**What is required**
Scan the lines below for the string "setT" and copy every one that has it.

**Extracted data entries**
#####

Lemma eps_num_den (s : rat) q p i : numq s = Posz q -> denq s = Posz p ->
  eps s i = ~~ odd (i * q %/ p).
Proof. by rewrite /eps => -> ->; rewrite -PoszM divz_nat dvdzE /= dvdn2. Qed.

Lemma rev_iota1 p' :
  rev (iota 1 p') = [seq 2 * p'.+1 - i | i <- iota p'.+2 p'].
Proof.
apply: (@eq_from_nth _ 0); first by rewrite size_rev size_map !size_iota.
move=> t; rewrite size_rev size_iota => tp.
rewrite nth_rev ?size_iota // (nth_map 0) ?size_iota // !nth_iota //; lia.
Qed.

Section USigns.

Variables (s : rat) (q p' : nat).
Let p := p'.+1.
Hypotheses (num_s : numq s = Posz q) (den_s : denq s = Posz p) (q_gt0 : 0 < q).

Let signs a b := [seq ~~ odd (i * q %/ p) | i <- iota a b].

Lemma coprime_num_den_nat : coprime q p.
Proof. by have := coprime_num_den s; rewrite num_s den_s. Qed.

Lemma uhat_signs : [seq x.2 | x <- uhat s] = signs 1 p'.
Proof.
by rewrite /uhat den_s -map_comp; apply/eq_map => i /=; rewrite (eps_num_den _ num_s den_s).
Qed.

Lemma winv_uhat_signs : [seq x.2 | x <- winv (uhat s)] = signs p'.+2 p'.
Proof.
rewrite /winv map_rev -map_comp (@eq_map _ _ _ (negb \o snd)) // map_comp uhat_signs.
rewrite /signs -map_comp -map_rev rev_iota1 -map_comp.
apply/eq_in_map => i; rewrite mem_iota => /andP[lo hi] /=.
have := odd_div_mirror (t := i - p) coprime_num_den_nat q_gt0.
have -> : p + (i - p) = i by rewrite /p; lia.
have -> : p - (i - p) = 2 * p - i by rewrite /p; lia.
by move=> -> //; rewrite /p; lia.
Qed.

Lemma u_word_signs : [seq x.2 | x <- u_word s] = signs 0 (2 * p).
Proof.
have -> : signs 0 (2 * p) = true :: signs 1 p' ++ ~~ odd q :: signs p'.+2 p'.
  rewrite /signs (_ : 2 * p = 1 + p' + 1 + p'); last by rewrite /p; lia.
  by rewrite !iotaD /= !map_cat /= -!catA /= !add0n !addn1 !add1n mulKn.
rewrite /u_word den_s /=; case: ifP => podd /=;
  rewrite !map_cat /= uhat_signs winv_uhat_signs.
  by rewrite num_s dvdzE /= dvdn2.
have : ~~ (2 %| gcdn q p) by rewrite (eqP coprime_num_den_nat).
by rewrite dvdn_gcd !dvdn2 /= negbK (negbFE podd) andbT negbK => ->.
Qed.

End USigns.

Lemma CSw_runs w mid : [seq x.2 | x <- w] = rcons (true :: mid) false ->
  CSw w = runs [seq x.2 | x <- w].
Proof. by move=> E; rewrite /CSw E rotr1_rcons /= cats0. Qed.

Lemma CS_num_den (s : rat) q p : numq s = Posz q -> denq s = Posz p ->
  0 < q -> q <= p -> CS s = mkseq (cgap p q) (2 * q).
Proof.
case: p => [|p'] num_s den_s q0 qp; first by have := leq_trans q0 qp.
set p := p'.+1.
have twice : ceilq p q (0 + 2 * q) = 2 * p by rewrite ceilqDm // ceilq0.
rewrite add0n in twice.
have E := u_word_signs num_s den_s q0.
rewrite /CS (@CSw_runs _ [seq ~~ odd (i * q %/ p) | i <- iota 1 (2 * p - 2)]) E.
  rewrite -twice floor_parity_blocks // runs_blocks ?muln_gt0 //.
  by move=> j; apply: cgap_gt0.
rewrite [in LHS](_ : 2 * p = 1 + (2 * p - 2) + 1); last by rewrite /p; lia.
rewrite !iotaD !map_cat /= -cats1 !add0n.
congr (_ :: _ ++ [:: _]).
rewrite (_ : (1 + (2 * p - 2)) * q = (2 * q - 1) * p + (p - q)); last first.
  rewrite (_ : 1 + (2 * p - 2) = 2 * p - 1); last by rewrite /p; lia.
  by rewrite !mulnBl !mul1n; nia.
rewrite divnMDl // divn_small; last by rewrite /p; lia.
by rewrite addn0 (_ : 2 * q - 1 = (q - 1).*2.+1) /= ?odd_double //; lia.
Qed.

#####

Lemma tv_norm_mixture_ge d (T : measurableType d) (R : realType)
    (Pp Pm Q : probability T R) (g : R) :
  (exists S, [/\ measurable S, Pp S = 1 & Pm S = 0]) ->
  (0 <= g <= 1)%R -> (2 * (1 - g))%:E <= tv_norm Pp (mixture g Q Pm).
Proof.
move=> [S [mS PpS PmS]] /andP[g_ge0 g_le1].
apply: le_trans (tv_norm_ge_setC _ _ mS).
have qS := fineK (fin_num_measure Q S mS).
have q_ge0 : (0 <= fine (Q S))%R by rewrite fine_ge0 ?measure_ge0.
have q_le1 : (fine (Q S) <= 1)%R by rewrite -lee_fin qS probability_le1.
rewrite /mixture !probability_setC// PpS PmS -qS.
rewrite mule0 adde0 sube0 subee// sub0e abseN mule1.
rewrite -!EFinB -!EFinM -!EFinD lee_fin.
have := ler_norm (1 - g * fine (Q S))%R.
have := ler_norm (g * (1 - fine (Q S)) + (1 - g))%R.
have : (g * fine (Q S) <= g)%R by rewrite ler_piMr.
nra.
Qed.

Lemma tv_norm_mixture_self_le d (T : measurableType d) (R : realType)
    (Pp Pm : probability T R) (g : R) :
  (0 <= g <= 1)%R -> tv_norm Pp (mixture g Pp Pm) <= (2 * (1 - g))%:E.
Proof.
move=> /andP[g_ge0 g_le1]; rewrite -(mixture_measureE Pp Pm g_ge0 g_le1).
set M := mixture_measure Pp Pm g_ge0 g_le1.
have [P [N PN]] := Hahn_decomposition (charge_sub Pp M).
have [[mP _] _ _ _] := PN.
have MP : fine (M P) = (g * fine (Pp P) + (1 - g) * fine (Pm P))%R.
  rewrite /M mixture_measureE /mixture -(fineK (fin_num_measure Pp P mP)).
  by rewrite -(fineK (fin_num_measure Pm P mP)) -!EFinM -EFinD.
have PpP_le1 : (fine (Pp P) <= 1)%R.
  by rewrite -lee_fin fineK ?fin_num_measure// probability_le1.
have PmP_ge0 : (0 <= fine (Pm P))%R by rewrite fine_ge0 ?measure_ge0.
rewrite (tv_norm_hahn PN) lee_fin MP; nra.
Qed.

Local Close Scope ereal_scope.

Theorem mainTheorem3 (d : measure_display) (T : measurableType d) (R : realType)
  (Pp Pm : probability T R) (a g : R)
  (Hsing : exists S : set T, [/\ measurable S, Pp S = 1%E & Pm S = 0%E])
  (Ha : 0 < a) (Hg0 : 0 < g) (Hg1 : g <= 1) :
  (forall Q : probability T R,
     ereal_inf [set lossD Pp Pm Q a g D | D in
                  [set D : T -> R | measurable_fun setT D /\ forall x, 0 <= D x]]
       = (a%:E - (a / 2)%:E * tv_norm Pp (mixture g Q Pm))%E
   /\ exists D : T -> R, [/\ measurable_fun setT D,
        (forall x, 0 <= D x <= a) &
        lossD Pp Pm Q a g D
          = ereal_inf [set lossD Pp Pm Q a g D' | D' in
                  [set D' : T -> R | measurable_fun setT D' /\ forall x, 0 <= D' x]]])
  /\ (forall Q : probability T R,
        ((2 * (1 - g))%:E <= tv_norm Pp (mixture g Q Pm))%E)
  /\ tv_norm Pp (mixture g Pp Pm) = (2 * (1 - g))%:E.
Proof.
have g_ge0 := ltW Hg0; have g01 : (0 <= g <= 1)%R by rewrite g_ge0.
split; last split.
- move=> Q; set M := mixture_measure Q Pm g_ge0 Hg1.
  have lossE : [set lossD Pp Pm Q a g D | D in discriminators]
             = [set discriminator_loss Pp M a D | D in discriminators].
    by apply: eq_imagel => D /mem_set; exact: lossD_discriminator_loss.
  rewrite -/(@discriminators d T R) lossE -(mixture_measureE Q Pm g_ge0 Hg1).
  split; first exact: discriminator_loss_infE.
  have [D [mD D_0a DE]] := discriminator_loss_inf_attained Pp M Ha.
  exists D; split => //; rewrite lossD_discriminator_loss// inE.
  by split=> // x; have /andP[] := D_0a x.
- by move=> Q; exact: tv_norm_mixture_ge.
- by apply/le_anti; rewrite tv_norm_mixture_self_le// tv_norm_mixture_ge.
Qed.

#####

**Reply to the task**
                  [set D : T -> R | measurable_fun setT D /\ forall x, 0 <= D x]]
   /\ exists D : T -> R, [/\ measurable_fun setT D,
                  [set D' : T -> R | measurable_fun setT D' /\ forall x, 0 <= D' x]]])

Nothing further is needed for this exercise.